#### Exercise requirements
Write out all of the entries, matching the original exactly.

#### Given information
Variables (m : nat) (Dom : vec -> Prop) (h : vec -> R) (gh : vec -> vec).
Hypothesis (HDom : convex_subset Dom) (HC : C1_on m Dom h gh).

Lemma C1_on_segment_slope v l : Dom v -> Dom l -> forall eps, 0 < eps ->
  exists t, 0 < t < 1 /\
    Rabs (h (vlin t l (1 - t) v) - h v - t * dot m (gh v) (vsub l v)) <= t * eps.
Proof.
  intros Hv Hl eps Heps. destruct HC as [_ [Happrox _]].
  set (N := vnorm m (vsub l v)). assert (HN : 0 <= N) by apply sqrt_pos.
  destruct (Happrox v (eps / (N + 1)) Hv) as [delta [Hdelta Hclose]].
  { apply Rdiv_lt_0_compat; lra. }
  set (t := Rmin (1 / 2) (delta / (2 * (N + 1)))).
  assert (Ht : 0 < t < 1).
  { split; [apply Rmin_glb_lt; [lra | apply Rdiv_lt_0_compat; lra] |].
    pose proof (Rmin_l (1 / 2) (delta / (2 * (N + 1)))) as Hmin. fold t in Hmin. lra. }
  assert (HtN : t * N < delta).
  { assert (Htd : t * (2 * (N + 1)) <= delta).
    { pose proof (Rmin_r (1 / 2) (delta / (2 * (N + 1)))) as Hmin. fold t in Hmin.
      apply Rmult_le_compat_r with (r := 2 * (N + 1)) in Hmin; [| lra].
      unfold Rdiv in Hmin. rewrite Rmult_assoc, Rinv_l, Rmult_1_r in Hmin; lra. }
    nra. }
  exists t. split; [exact Ht |].
  assert (Hseg : vsub (vlin t l (1 - t) v) v = fun i => t * vsub l v i)
    by (extensionality i; unfold vsub, vlin; ring).
  specialize (Hclose _ (HDom l v t Hl Hv ltac:(lra))).
  rewrite Hseg, vnorm_scal, dot_scal_r in Hclose by lra. fold N in Hclose.
  eapply Rle_trans; [apply Hclose; exact HtN |].
  assert (E : eps / (N + 1) * (t * N) = t * eps * (N / (N + 1))) by (field; lra).
  rewrite E. assert (Hfrac : N / (N + 1) <= 1) by (apply Rmult_le_reg_r with (N + 1); [lra |];
    unfold Rdiv; rewrite Rmult_assoc, Rinv_l; lra).
  assert (0 <= t * eps) by nra. nra.
Qed.

Lemma le_grad_of_segment v l K : Dom v -> Dom l ->
  (forall t, 0 < t < 1 -> t * K <= h (vlin t l (1 - t) v) - h v) ->
  K <= dot m (gh v) (vsub l v).
Proof.
  intros Hv Hl HK. apply Rle_plus_epsilon. intros eps Heps.
  destruct (C1_on_segment_slope v l Hv Hl eps Heps) as [t [Ht Hslope]].
  specialize (HK t Ht). pose proof (Rle_trans _ _ _ (Rle_abs _) Hslope). nra.
Qed.

Lemma grad_le_of_segment v l K : Dom v -> Dom l ->
  (forall t, 0 < t < 1 -> h (vlin t l (1 - t) v) - h v <= t * K) ->
  dot m (gh v) (vsub l v) <= K.
Proof.
  intros Hv Hl HK. apply Rle_plus_epsilon. intros eps Heps.
  destruct (C1_on_segment_slope v l Hv Hl eps Heps) as [t [Ht Hslope]].
  specialize (HK t Ht). rewrite <- Rabs_Ropp in Hslope.
  pose proof (Rle_trans _ _ _ (Rle_abs _) Hslope).
  nra.
Qed.

Lemma Breg_nonneg u w : convex_on Dom h -> Dom u -> Dom w -> 0 <= Breg m h gh u w.
Proof.
  intros Hconv Hu Hw. unfold Breg.
  enough (dot m (gh w) (vsub u w) <= h u - h w) by lra.
  apply grad_le_of_segment; auto.
  intros t Ht. specialize (Hconv u w t Hu Hw ltac:(lra)). lra.
Qed.

Lemma argmax_Breg_gap c Phi v : 0 < c -> Dom v ->
  (forall l, Dom l -> Phi l <= Phi v) -> affine (fun l => Phi l + c * h l) ->
  forall l, Dom l -> Phi l <= Phi v - c * Breg m h gh l v.
Proof.
  intros Hc Hv Hmax Haff l Hl.
  set (K := Phi l + c * h l - Phi v - c * h v).
  enough (Hgrad : K / c <= dot m (gh v) (vsub l v)).
  { unfold Breg. apply Rmult_le_compat_l with (r := c) in Hgrad; [| lra].
    replace (c * (K / c)) with K in Hgrad by (field; lra). unfold K in Hgrad. lra. }
  apply le_grad_of_segment; auto.
  intros t Ht. specialize (Haff l v t). specialize (Hmax _ (HDom l v t Hl Hv ltac:(lra))).
  cbv beta in Haff. apply Rmult_le_reg_l with c; [lra |].
  replace (c * (t * (K / c))) with (t * K) by (field; lra). unfold K. nra.
Qed.

End Bregman.

Lemma Breg_three_point m h gh u a b :
  dot m (vsub (gh a) (gh b)) (vsub u a) = Breg m h gh u b - Breg m h gh u a - Breg m h gh a b.
Proof. unfold Breg. rewrite dot_vsub_l, (dot_vsub_r m (gh b) u a b). ring. Qed.

Definition wavg (w : nat -> R) (z : nat -> vec) (T : nat) : vec :=
  fun i => rsum T (fun k => w k * z k i) / rsum T w.

Lemma jensen_wavg (Dom : vec -> Prop) (F : vec -> R) (w : nat -> R) (z : nat -> vec) :
  convex_subset Dom -> convex_on Dom F -> (forall k, 0 < w k) -> (forall k, Dom (z k)) ->
  forall T, Dom (wavg w z (S T)) /\
    rsum (S T) w * F (wavg w z (S T)) <= rsum (S T) (fun k => w k * F (z k)).
Proof.
  intros HDom HF Hw Hz T. induction T as [|T [IHdom IHle]].
  - replace (wavg w z 1) with (z 0%nat).
    + split; [apply Hz | simpl; lra].
    + extensionality i. unfold wavg. simpl. specialize (Hw 0%nat). field. lra.
  - pose proof (rsum_pos T w Hw). pose proof (Hw (S T)).
    set (W := rsum (S T) w) in *.
    set (t := W / (W + w (S T))).
    assert (Ht : 0 <= t <= 1).
    { unfold t. split; [apply Rlt_le, Rdiv_lt_0_compat; lra |].
      apply Rmult_le_reg_r with (W + w (S T)); [lra |]. field_simplify; lra. }
    assert (Hsplit : wavg w z (S (S T)) = vlin t (wavg w z (S T)) (1 - t) (z (S T))).
    { extensionality i. unfold wavg, vlin, t. rewrite !(rsum_S (S T)). fold W. field. lra. }
    rewrite Hsplit. split; [apply HDom; auto |].
    specialize (HF _ _ t IHdom (Hz (S T)) Ht).
    rewrite !(rsum_S (S T)). fold W.
    assert (E1 : (W + w (S T)) * t = W) by (unfold t; field; lra).
    assert (E2 : (W + w (S T)) * (1 - t) = w (S T)) by (unfold t; field; lra).
    apply Rmult_le_compat_l with (r := W + w (S T)) in HF; [| lra].
    rewrite Rmult_plus_distr_l, <- !Rmult_assoc, E1, E2 in HF. lra.
Qed.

#### Solved problem
Variables (m : nat) (Dom : vec -> Prop) (h : vec -> R) (gh : vec -> vec).
Hypothesis (HDom : convex_subset Dom) (HC : C1_on m Dom h gh).

Lemma C1_on_segment_slope v l : Dom v -> Dom l -> forall eps, 0 < eps ->
  exists t, 0 < t < 1 /\
    Rabs (h (vlin t l (1 - t) v) - h v - t * dot m (gh v) (vsub l v)) <= t * eps.
Proof.
  intros Hv Hl eps Heps. destruct HC as [_ [Happrox _]].
  set (N := vnorm m (vsub l v)). assert (HN : 0 <= N) by apply sqrt_pos.
  destruct (Happrox v (eps / (N + 1)) Hv) as [delta [Hdelta Hclose]].
  { apply Rdiv_lt_0_compat; lra. }
  set (t := Rmin (1 / 2) (delta / (2 * (N + 1)))).
  assert (Ht : 0 < t < 1).
  { split; [apply Rmin_glb_lt; [lra | apply Rdiv_lt_0_compat; lra] |].
    pose proof (Rmin_l (1 / 2) (delta / (2 * (N + 1)))) as Hmin. fold t in Hmin. lra. }
  assert (HtN : t * N < delta).
  { assert (Htd : t * (2 * (N + 1)) <= delta).
    { pose proof (Rmin_r (1 / 2) (delta / (2 * (N + 1)))) as Hmin. fold t in Hmin.
      apply Rmult_le_compat_r with (r := 2 * (N + 1)) in Hmin; [| lra].
      unfold Rdiv in Hmin. rewrite Rmult_assoc, Rinv_l, Rmult_1_r in Hmin; lra. }
    nra. }
  exists t. split; [exact Ht |].
  assert (Hseg : vsub (vlin t l (1 - t) v) v = fun i => t * vsub l v i)
    by (extensionality i; unfold vsub, vlin; ring).
  specialize (Hclose _ (HDom l v t Hl Hv ltac:(lra))).
  rewrite Hseg, vnorm_scal, dot_scal_r in Hclose by lra. fold N in Hclose.
  eapply Rle_trans; [apply Hclose; exact HtN |].
  assert (E : eps / (N + 1) * (t * N) = t * eps * (N / (N + 1))) by (field; lra).
  rewrite E. assert (Hfrac : N / (N + 1) <= 1) by (apply Rmult_le_reg_r with (N + 1); [lra |];
    unfold Rdiv; rewrite Rmult_assoc, Rinv_l; lra).
  assert (0 <= t * eps) by nra. nra.
Qed.

Lemma le_grad_of_segment v l K : Dom v -> Dom l ->
  (forall t, 0 < t < 1 -> t * K <= h (vlin t l (1 - t) v) - h v) ->
  K <= dot m (gh v) (vsub l v).
Proof.
  intros Hv Hl HK. apply Rle_plus_epsilon. intros eps Heps.
  destruct (C1_on_segment_slope v l Hv Hl eps Heps) as [t [Ht Hslope]].
  specialize (HK t Ht). pose proof (Rle_trans _ _ _ (Rle_abs _) Hslope). nra.
Qed.

Lemma grad_le_of_segment v l K : Dom v -> Dom l ->
  (forall t, 0 < t < 1 -> h (vlin t l (1 - t) v) - h v <= t * K) ->
  dot m (gh v) (vsub l v) <= K.
Proof.
  intros Hv Hl HK. apply Rle_plus_epsilon. intros eps Heps.
  destruct (C1_on_segment_slope v l Hv Hl eps Heps) as [t [Ht Hslope]].
  specialize (HK t Ht). rewrite <- Rabs_Ropp in Hslope.
  pose proof (Rle_trans _ _ _ (Rle_abs _) Hslope).
  nra.
Qed.

Lemma Breg_nonneg u w : convex_on Dom h -> Dom u -> Dom w -> 0 <= Breg m h gh u w.
Proof.
  intros Hconv Hu Hw. unfold Breg.
  enough (dot m (gh w) (vsub u w) <= h u - h w) by lra.
  apply grad_le_of_segment; auto.
  intros t Ht. specialize (Hconv u w t Hu Hw ltac:(lra)). lra.
Qed.

Lemma argmax_Breg_gap c Phi v : 0 < c -> Dom v ->
  (forall l, Dom l -> Phi l <= Phi v) -> affine (fun l => Phi l + c * h l) ->
  forall l, Dom l -> Phi l <= Phi v - c * Breg m h gh l v.
Proof.
  intros Hc Hv Hmax Haff l Hl.
  set (K := Phi l + c * h l - Phi v - c * h v).
  enough (Hgrad : K / c <= dot m (gh v) (vsub l v)).
  { unfold Breg. apply Rmult_le_compat_l with (r := c) in Hgrad; [| lra].
    replace (c * (K / c)) with K in Hgrad by (field; lra). unfold K in Hgrad. lra. }
  apply le_grad_of_segment; auto.
  intros t Ht. specialize (Haff l v t). specialize (Hmax _ (HDom l v t Hl Hv ltac:(lra))).
  cbv beta in Haff. apply Rmult_le_reg_l with c; [lra |].
  replace (c * (t * (K / c))) with (t * K) by (field; lra). unfold K. nra.
Qed.

End Bregman.

Lemma Breg_three_point m h gh u a b :
  dot m (vsub (gh a) (gh b)) (vsub u a) = Breg m h gh u b - Breg m h gh u a - Breg m h gh a b.
Proof. unfold Breg. rewrite dot_vsub_l, (dot_vsub_r m (gh b) u a b). ring. Qed.

Definition wavg (w : nat -> R) (z : nat -> vec) (T : nat) : vec :=
  fun i => rsum T (fun k => w k * z k i) / rsum T w.

Lemma jensen_wavg (Dom : vec -> Prop) (F : vec -> R) (w : nat -> R) (z : nat -> vec) :
  convex_subset Dom -> convex_on Dom F -> (forall k, 0 < w k) -> (forall k, Dom (z k)) ->
  forall T, Dom (wavg w z (S T)) /\
    rsum (S T) w * F (wavg w z (S T)) <= rsum (S T) (fun k => w k * F (z k)).
Proof.
  intros HDom HF Hw Hz T. induction T as [|T [IHdom IHle]].
  - replace (wavg w z 1) with (z 0%nat).
    + split; [apply Hz | simpl; lra].
    + extensionality i. unfold wavg. simpl. specialize (Hw 0%nat). field. lra.
  - pose proof (rsum_pos T w Hw). pose proof (Hw (S T)).
    set (W := rsum (S T) w) in *.
    set (t := W / (W + w (S T))).
    assert (Ht : 0 <= t <= 1).
    { unfold t. split; [apply Rlt_le, Rdiv_lt_0_compat; lra |].
      apply Rmult_le_reg_r with (W + w (S T)); [lra |]. field_simplify; lra. }
    assert (Hsplit : wavg w z (S (S T)) = vlin t (wavg w z (S T)) (1 - t) (z (S T))).
    { extensionality i. unfold wavg, vlin, t. rewrite !(rsum_S (S T)). fold W. field. lra. }
    rewrite Hsplit. split; [apply HDom; auto |].
    specialize (HF _ _ t IHdom (Hz (S T)) Ht).
    rewrite !(rsum_S (S T)). fold W.
    assert (E1 : (W + w (S T)) * t = W) by (unfold t; field; lra).
    assert (E2 : (W + w (S T)) * (1 - t) = w (S T)) by (unfold t; field; lra).
    apply Rmult_le_compat_l with (r := W + w (S T)) in HF; [| lra].
    rewrite Rmult_plus_distr_l, <- !Rmult_assoc, E1, E2 in HF. lra.
Qed.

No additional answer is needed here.